Further, the parties agreed that if lease were to be extended, LPI would pay Php97,084.15/month.
When the lease to ASTRO expired in February 1995, instead of turning over the areas to LPI, RCAM
leased them to Macgraphics Carranz International Corporation (MCIC). In a letter dated 11 February
1995, LPI informed MCIC that it was the lessee of the premises and demanded to remove billboards
within 24 hours. However, MCIC ignored such leter.

On 12 October 1995, RCAM informed LPI that the MOA is considered rescinded as LPI violated the
MOA due to: 1. Non-payment of rentals since March 1995; 2. Misuse of property since November 1994;
and 3. Causing of inconvenience, disturbance and nuisance. RCAM also demanded payment of back
rentals and ordered LPI to vacate the property.

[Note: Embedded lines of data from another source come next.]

Theorem lemma4p2 (n : nat) (x : seq nat) :
  0 < n -> in_Sort n [:: 1; 2; 3] [:: 3; 2; 1] x ->
  head 0 x \in [:: n.-1; n].
Proof.
move=> n_pos [perm_x sorted_x]; case: x perm_x sorted_x => [|k x'] perm_x sorted_x.
  by move: (perm_size perm_x); rewrite size_iota /=; lia.
have : k \in iota 1 n by rewrite -(perm_mem perm_x) mem_head.
rewrite mem_iota => k_range; have [k_small|k_ge] := ltnP k n.-1.
  by case: (first_entry_absurd perm_x _ k_small); rewrite sorted_x iota_ltn_sorted.
by rewrite /= !inE; apply/orP; case: (ltnP k n) => ?; [left | right]; apply/eqP; lia.
Qed.
(* For every quasiordered set $(A,\gamma)$, $$\mathrm{hsdim}(A,\gamma)\le\dim\bigl(A/(\gamma\cap\gamma^{-1}),r_\gamma\bigr).$$
   Context: A quasiorder on $A$ is a reflexive and transitive relation; $\Delta_A=\{(a,a)\mid a\in A\}$. A quasiorder $\alpha$ on $A$ is a half-space if there is a quasiorder $\beta$ on $A$ with $\alpha\cup\beta=A\times A$ and $\alpha\cap\beta=\Delta_A$. A half-space realizer of a quasiorder $\gamma$ on $A$ is a set $\{\alpha_i\mid i\in I\}$ of half-spaces on $A$ with $\bigcap_{i\in I}\alpha_i=\gamma$; the half-space dimension $\mathrm{hsdim}(A,\gamma)$ is the minimum cardinality of a half-space realizer of $\gamma$. For a quasiorder $\gamma$, $r_\gamma$ is the induced partial order on $A/(\gamma\cap\gamma^{-1})$: $([a],[b])\in r_\gamma$ iff $(a,b)\in\gamma$. For a partial order, $\dim$ denotes the order dimension: the least cardinality of a set of linear extensions whose intersection is the partial order. *)

Set Implicit Arguments.
Unset Strict Implicit.

Definition relA (A : Type) := A -> A -> Prop.

Definition quasiorder (A : Type) (g : relA A) : Prop :=
  (forall a, g a a) /\ (forall a b c, g a b -> g b c -> g a c).

Definition half_space (A : Type) (alpha : relA A) : Prop :=
  quasiorder alpha /\
  exists beta : relA A, quasiorder beta /\
    (forall a b, alpha a b \/ beta a b) /\
    (forall a b, (alpha a b /\ beta a b) <-> a = b).

Definition hs_realizer (A : Type) (gamma : relA A) (H : relA A -> Prop) : Prop :=
  (forall alpha, H alpha -> half_space alpha) /\
  (forall a b, gamma a b <-> (forall alpha, H alpha -> alpha a b)).

Definition card_le (T U : Type) (X : T -> Prop) (Y : U -> Prop) : Prop :=
  exists f : {x : T | X x} -> {y : U | Y y},
    forall u v, f u = f v -> u = v.

Definition qclass (A : Type) (gamma : relA A) (a : A) : A -> Prop :=
  fun x => gamma a x /\ gamma x a.

Definition quot (A : Type) (gamma : relA A) : Type :=
  {C : A -> Prop | exists a, C = qclass gamma a}.

Definition r_rel (A : Type) (gamma : relA A) : relA (quot gamma) :=
  fun C D => exists a b, proj1_sig C = qclass gamma a /\
                         proj1_sig D = qclass gamma b /\ gamma a b.

Definition linear_extension (T : Type) (r l : relA T) : Prop :=
  (forall x, l x x) /\
  (forall x y, l x y -> l y x -> x = y) /\
  (forall x y z, l x y -> l y z -> l x z) /\
  (forall x y, l x y \/ l y x) /\
  (forall x y, r x y -> l x y).

Definition order_realizer (T : Type) (r : relA T) (L : relA T -> Prop) : Prop :=
  (forall l, L l -> linear_extension r l) /\
  (forall x y, r x y <-> (forall l, L l -> l x y)).

(** Composing a realizer of the order [r_gamma] with the quotient map
    [a |-> [a]] gives the realizer.  The preimage of a linear order [l]
    under any map [f] is a half-space, with complementary quasiorder
    "[a = b], or [f a] lies strictly above [f b]"; and since
    [gamma a b <-> r_gamma [a] [b]], the preimages of a realizer of [r_gamma]
    intersect to [gamma].  Taking preimages cannot increase cardinality. *)

From Stdlib Require Import Classical ClassicalEpsilon ProofIrrelevance.
Set Implicit Arguments.
Unset Strict Implicit.

Definition preimage_rel (A T : Type) (f : A -> T) (l : relA T) : relA A :=
  fun a b => l (f a) (f b).

Lemma half_space_preimage_total_order (A T : Type) (f : A -> T) (l : relA T) :
  (forall x, l x x) ->
  (forall x y, l x y -> l y x -> x = y) ->
  (forall x y z, l x y -> l y z -> l x z) ->
  (forall x y, l x y \/ l y x) ->
  half_space (preimage_rel f l).
Proof.
  intros l_refl l_anti l_trans l_total; unfold preimage_rel; split.
  { split; [intro; apply l_refl | intros a b c; apply l_trans]. }
  exists (fun a b => a = b \/ (l (f b) (f a) /\ f a <> f b)).
  split; [split | split].
  - intro; left; reflexivity.
  - intros a b c [-> | [lba neq_ab]] [-> | [lcb neq_bc]]; auto.
    right; split; [eauto |].
    intro eq_ac; rewrite eq_ac in neq_ab.
    apply neq_ab, l_anti; [exact lcb | rewrite <- eq_ac; exact lba].
  - intros a b.
    destruct (classic (l (f a) (f b))) as [lab | nlab]; [left; exact lab |].
    right; right.
    destruct (l_total (f a) (f b)) as [lab | lba]; [contradiction |].
    split; [exact lba |].
    intro eq_ab; apply nlab; rewrite eq_ab; apply l_refl.
  - intros a b; split.
    + intros [lab [-> | [lba neq_ab]]]; [reflexivity |].
      exfalso; apply neq_ab, l_anti; assumption.
    + intros ->; split; [apply l_refl | left; reflexivity].
Qed.

Definition image_set (T U : Type) (F : T -> U) (X : T -> Prop) : U -> Prop :=
  fun y => exists x, X x /\ y = F x.

Lemma card_le_image (T U : Type) (F : T -> U) (X : T -> Prop) :
  card_le (image_set F X) X.
Proof.
  assert (preimage : forall u : {y | image_set F X y},
             {x | X x /\ proj1_sig u = F x}).
  { intros [y Hy]; apply constructive_indefinite_description; exact Hy. }
  exists (fun u => exist _ (proj1_sig (preimage u)) (proj1 (proj2_sig (preimage u)))).
  intros u v eq_pre; injection eq_pre as eq_pre.
  destruct (proj2_sig (preimage u)) as [_ Fy], (proj2_sig (preimage v)) as [_ Fz].
  destruct u as [y Hy], v as [z Hz]; simpl in *.
  assert (y = z) by (rewrite Fy, Fz, eq_pre; reflexivity); subst z.
  f_equal; apply proof_irrelevance.
Qed.

Definition cls (A : Type) (gamma : relA A) (a : A) : quot gamma :=
  exist _ (qclass gamma a) (ex_intro _ a eq_refl).

Lemma r_rel_cls (A : Type) (gamma : relA A) (a b : A) :
  quasiorder gamma -> @r_rel A gamma (cls gamma a) (cls gamma b) <-> gamma a b.
Proof.
  intros [g_refl g_trans]; split.
  - intros [a' [b' [cls_a [cls_b g_ab']]]]; simpl in cls_a, cls_b.
    assert (a_a' : qclass gamma a' a) by (rewrite <- cls_a; split; apply g_refl).
    assert (b_b' : qclass gamma b' b) by (rewrite <- cls_b; split; apply g_refl).
    destruct a_a' as [_ g_aa']; destruct b_b' as [g_b'b _]; eauto.
  - intro g_ab; exists a, b; repeat split; assumption.
Qed.

Theorem corollary2p10 (A : Type) (gamma : relA A) :
  quasiorder gamma ->
  forall L : relA (quot gamma) -> Prop,
    order_realizer (@r_rel A gamma) L ->
    exists H : relA A -> Prop, @hs_realizer A gamma H /\ card_le H L.
Proof.
  intros qo_gamma L [L_lin L_meet].
  exists (image_set (preimage_rel (cls gamma)) L).
  split; [split |].
  - intros alpha [l [Ll ->]].
    destruct (L_lin l Ll) as [l_refl [l_anti [l_trans [l_total _]]]].
    now apply half_space_preimage_total_order.
  - intros a b; rewrite <- (r_rel_cls a b qo_gamma), L_meet; split.
    + intros l_ab alpha [l [Ll ->]]; exact (l_ab l Ll).
    + intros alpha_ab l Ll; apply (alpha_ab (preimage_rel (cls gamma) l)).
      exists l; split; [exact Ll | reflexivity].
  - apply card_le_image.
Qed.
(* Let $b>0$ and $N_{\rm r}\ge 1$, and let $x_1,\dots,x_{N_{\rm r}}\in\mathbb{C}$ be inputs satisfying $|\Re(x_k)|\le b$ and $|\Im(x_k)|\le b$ for all $k$. Define the first-order 1-bit spatial sigma-delta recursion with zero feedback phase shift (steering angle $\psi=0$) by $e_0=0$ and, for $n=1,\dots,N_{\rm r}$, $$r_n = x_n - e_{n-1},\qquad y_n=\mathcal{Q}_b[r_n],\qquad e_n = y_n - r_n,$$ where $\mathcal{Q}_b[u]=b\,\mathrm{sign}(\Re(u))+\jmath\, b\,\mathrm{sign}(\Im(u))$. Then for every $n=1,\dots,N_{\rm r}$, $$\Re(e_n) = b - 2b\left\langle \tfrac{1}{2}(n-1) + \tfrac{1}{2b}\sum_{k=1}^{n}\Re(x_k)\right\rangle,\qquad \Im(e_n) = b - 2b\left\langle \tfrac{1}{2}(n-1) + \tfrac{1}{2b}\sum_{k=1}^{n}\Im(x_k)\right\rangle,$$ where $\langle u\rangle = u-\lfloor u\rfloor$ denotes the fractional part of a real number $u$.
   Context: $\jmath=\sqrt{-1}$. The function $\mathrm{sign}:\mathbb{R}\to\{-1,1\}$ is taken with the convention $\mathrm{sign}(u)=1$ for $u\ge 0$ and $\mathrm{sign}(u)=-1$ for $u<0$. In the paper the inputs $x_n$ are the antenna signals after an amplitude clipper with clipping level $c$; for steering angle $\psi=0$ the paper's overload condition $c=b(2-|\cos\varphi|-|\sin\varphi|)$ with $\varphi=0$ gives $c=b$, so the (clipped) inputs have real and imaginary parts bounded in absolute value by $b$. The quantity $e_n$ is the quantization error of channel (antenna) $n$, fed back to the input of channel $n+1$. *)

From Stdlib Require Import Reals Lra.
From Coquelicot Require Import Coquelicot.
Open Scope R_scope.

Definition sgn (u : R) : R := if Rle_dec 0 u then 1 else -1.

Definition Qb (b : R) (u : C) : C := (b * sgn (Re u), b * sgn (Im u)).

(* Quantization error e_n of the first-order spatial sigma-delta recursion
   with psi = 0:  e_0 = 0, r_n = x_n - e_{n-1}, y_n = Q_b[r_n], e_n = y_n - r_n.
   Inputs are indexed x 1, x 2, ..., x N_r. *)
Fixpoint sd_err (b : R) (x : nat -> C) (n : nat) : C :=
  match n with
  | O => 0%C
  | S m =>
      let r := (x (S m) - sd_err b x m)%C in
      let y := Qb b r in
      (y - r)%C
  end.

Definition fracp (u : R) : R := u - IZR (Int_part u).

From Stdlib Require Import Reals Lra Lia.
From Coquelicot Require Import Coquelicot.
Open Scope R_scope.

(* Both components follow the same scalar recursion.  Write the error as
   e_n = b - 2b f_n.  The next quantizer input is r = 2b (g - 1) with
   g = f_n + 1/2 + a_{n+1}/(2b), and |a_{n+1}| <= b puts g in [0, 2); the
   1-bit quantizer then subtracts exactly the integer part of g, so
   f_{n+1} = <g>.  Hence f_n is the fractional part of the running sum of the
   increments 1/2 + a_k/(2b), started at f_0 = 1/2. *)

Fixpoint sd_err_scalar (b : R) (a : nat -> R) (n : nat) : R :=
  match n with
  | O => 0
  | S m => let r := a (S m) - sd_err_scalar b a m in b * sgn r - r
  end.

Lemma Re_sd_err (b : R) (x : nat -> C) (n : nat) :
  Re (sd_err b x n) = sd_err_scalar b (fun k => Re (x k)) n.
Proof.
  induction n as [|m IH]; [reflexivity|].
  change (Re (sd_err b x (S m)))
    with (b * sgn (Re (x (S m)) - Re (sd_err b x m))
          - (Re (x (S m)) - Re (sd_err b x m))).
  now rewrite IH.
Qed.

Lemma Im_sd_err (b : R) (x : nat -> C) (n : nat) :
  Im (sd_err b x n) = sd_err_scalar b (fun k => Im (x k)) n.
Proof.
  induction n as [|m IH]; [reflexivity|].
  change (Im (sd_err b x (S m)))
    with (b * sgn (Im (x (S m)) - Im (sd_err b x m))
          - (Im (x (S m)) - Im (sd_err b x m))).
  now rewrite IH.
Qed.

Lemma fracp_unique (u : R) (z : Z) :
  IZR z <= u < IZR z + 1 -> fracp u = u - IZR z.
Proof.
  intros [Hlo Hhi]. unfold fracp, Int_part.
  assert (Hup : (z + 1)%Z = up u) by (apply tech_up; rewrite plus_IZR; lra).
  rewrite <- Hup, minus_IZR, plus_IZR. lra.
Qed.

Lemma fracp_range (u : R) : 0 <= fracp u < 1.
Proof. unfold fracp. destruct (base_Int_part u). lra. Qed.

Lemma fracp_add_fracpl (u v : R) : fracp (u + v) = fracp (fracp u + v).
Proof.
  destruct (fracp_range (fracp u + v)) as [Hlo Hhi].
  rewrite (fracp_unique (u + v) (Int_part (fracp u + v) + Int_part u)).
  - unfold fracp. rewrite plus_IZR. lra.
  - unfold fracp in Hlo, Hhi |- *. rewrite plus_IZR. lra.
Qed.

Lemma quantizer_error_fracp (b g : R) :
  0 < b -> 0 <= g < 2 ->
  b * sgn (2 * b * (g - 1)) - 2 * b * (g - 1) = b - 2 * b * fracp g.
Proof.
  intros Hb Hg. unfold sgn.
  destruct (Rle_dec 0 (2 * b * (g - 1))) as [Hr|Hr].
  - assert (1 <= g) by nra.
    rewrite (fracp_unique g 1); [lra|simpl; lra].
  - assert (g < 1) by nra.
    rewrite (fracp_unique g 0); [lra|simpl; lra].
Qed.

Lemma sd_err_scalar_fracp (b : R) (Nr : nat) (a : nat -> R) :
  0 < b -> (forall k : nat, (1 <= k <= Nr)%nat -> Rabs (a k) <= b) ->
  forall n : nat, (n <= Nr)%nat ->
    sd_err_scalar b a n
      = b - 2 * b * fracp (/ 2 * (INR n - 1) + / (2 * b) * sum_n_m a 1 n).
Proof.
  intros Hb Ha n. induction n as [|m IH]; intros Hn.
  - rewrite sum_n_m_zero by lia. unfold zero; simpl.
    rewrite (fracp_unique _ (-1)); simpl; lra.
  - set (s := / 2 * (INR m - 1) + / (2 * b) * sum_n_m a 1 m) in IH.
    set (g := fracp s + / 2 + a (S m) / (2 * b)).
    assert (Hg : 0 <= g < 2).
    { destruct (fracp_range s).
      assert (Ha' := proj1 (Rabs_le_between _ _) (Ha (S m) ltac:(lia))).
      assert (-/2 <= a (S m) / (2 * b) <= /2).
      { split; apply (Rmult_le_reg_l (2 * b)); try field_simplify; lra. }
      unfold g; lra. }
    assert (Hsum : / 2 * (INR (S m) - 1) + / (2 * b) * sum_n_m a 1 (S m)
                   = s + (/ 2 + a (S m) / (2 * b))).
    { rewrite sum_n_Sm, S_INR by lia. unfold s, plus; simpl. field. lra. }
    rewrite Hsum, fracp_add_fracpl.
    replace (fracp s + (/ 2 + a (S m) / (2 * b))) with g by (unfold g; ring).
    rewrite <- quantizer_error_fracp by assumption.
    simpl. rewrite IH by lia.
    replace (a (S m) - (b - 2 * b * fracp s)) with (2 * b * (g - 1))
      by (unfold g; field; lra).
    reflexivity.
Qed.

Theorem lemma1 (b : R) (Nr : nat) (x : nat -> C) :
  0 < b -> (1 <= Nr)%nat ->
  (forall k : nat, (1 <= k <= Nr)%nat ->
     Rabs (Re (x k)) <= b /\ Rabs (Im (x k)) <= b) ->
  forall n : nat, (1 <= n <= Nr)%nat ->
    Re (sd_err b x n)
      = b - 2 * b * fracp (/ 2 * (INR n - 1)
                           + / (2 * b) * sum_n_m (fun k => Re (x k)) 1 n) /\
    Im (sd_err b x n)
      = b - 2 * b * fracp (/ 2 * (INR n - 1)
                           + / (2 * b) * sum_n_m (fun k => Im (x k)) 1 n).
Proof.
  intros Hb _ Hx n Hn.
  rewrite Re_sd_err, Im_sd_err.
  split; apply (sd_err_scalar_fracp b Nr); try assumption; try lia;
    intros k Hk; apply (Hx k Hk).
Qed.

On 19 October 1995, LPI filed a complaint against RCAM for consignation of P300,000.00 as back
rentals with writ of preliminary injunction and TRO; and counterclaims. LPI alleged that it should be
credited for the rental payments of ASTRO to RCAM from February 1990 to February 1995. ( This was
later on dismissed.)

Still unaware of complaint, RCAM demanded LPI to pay its back rentals including ASTRO’s and
damages. Thereafter, on 13 November 1995, RCAM filed an unlawful detainer against LPI befor MTC
Makati docketed as Civil Case No. 50450. LPI averred that since ASTRO’s payment to RCAM was
credited to LPI during the second lease period (from 1 August 1993 to 1 February 1995), ASTRO’s rental
payments in the first period (1 February 1990 to 1 August 1993) should also be credited and deducted
from its accountability in the March to October 1995 period. The MTC that first period payment of sublet
rentals should not be credited to LPI since it is considered a donation to RCAM and such is a stipulation
pour autrui.

The RTC ruled that LPI should be credited the first period payment rentals should be credited to LPI.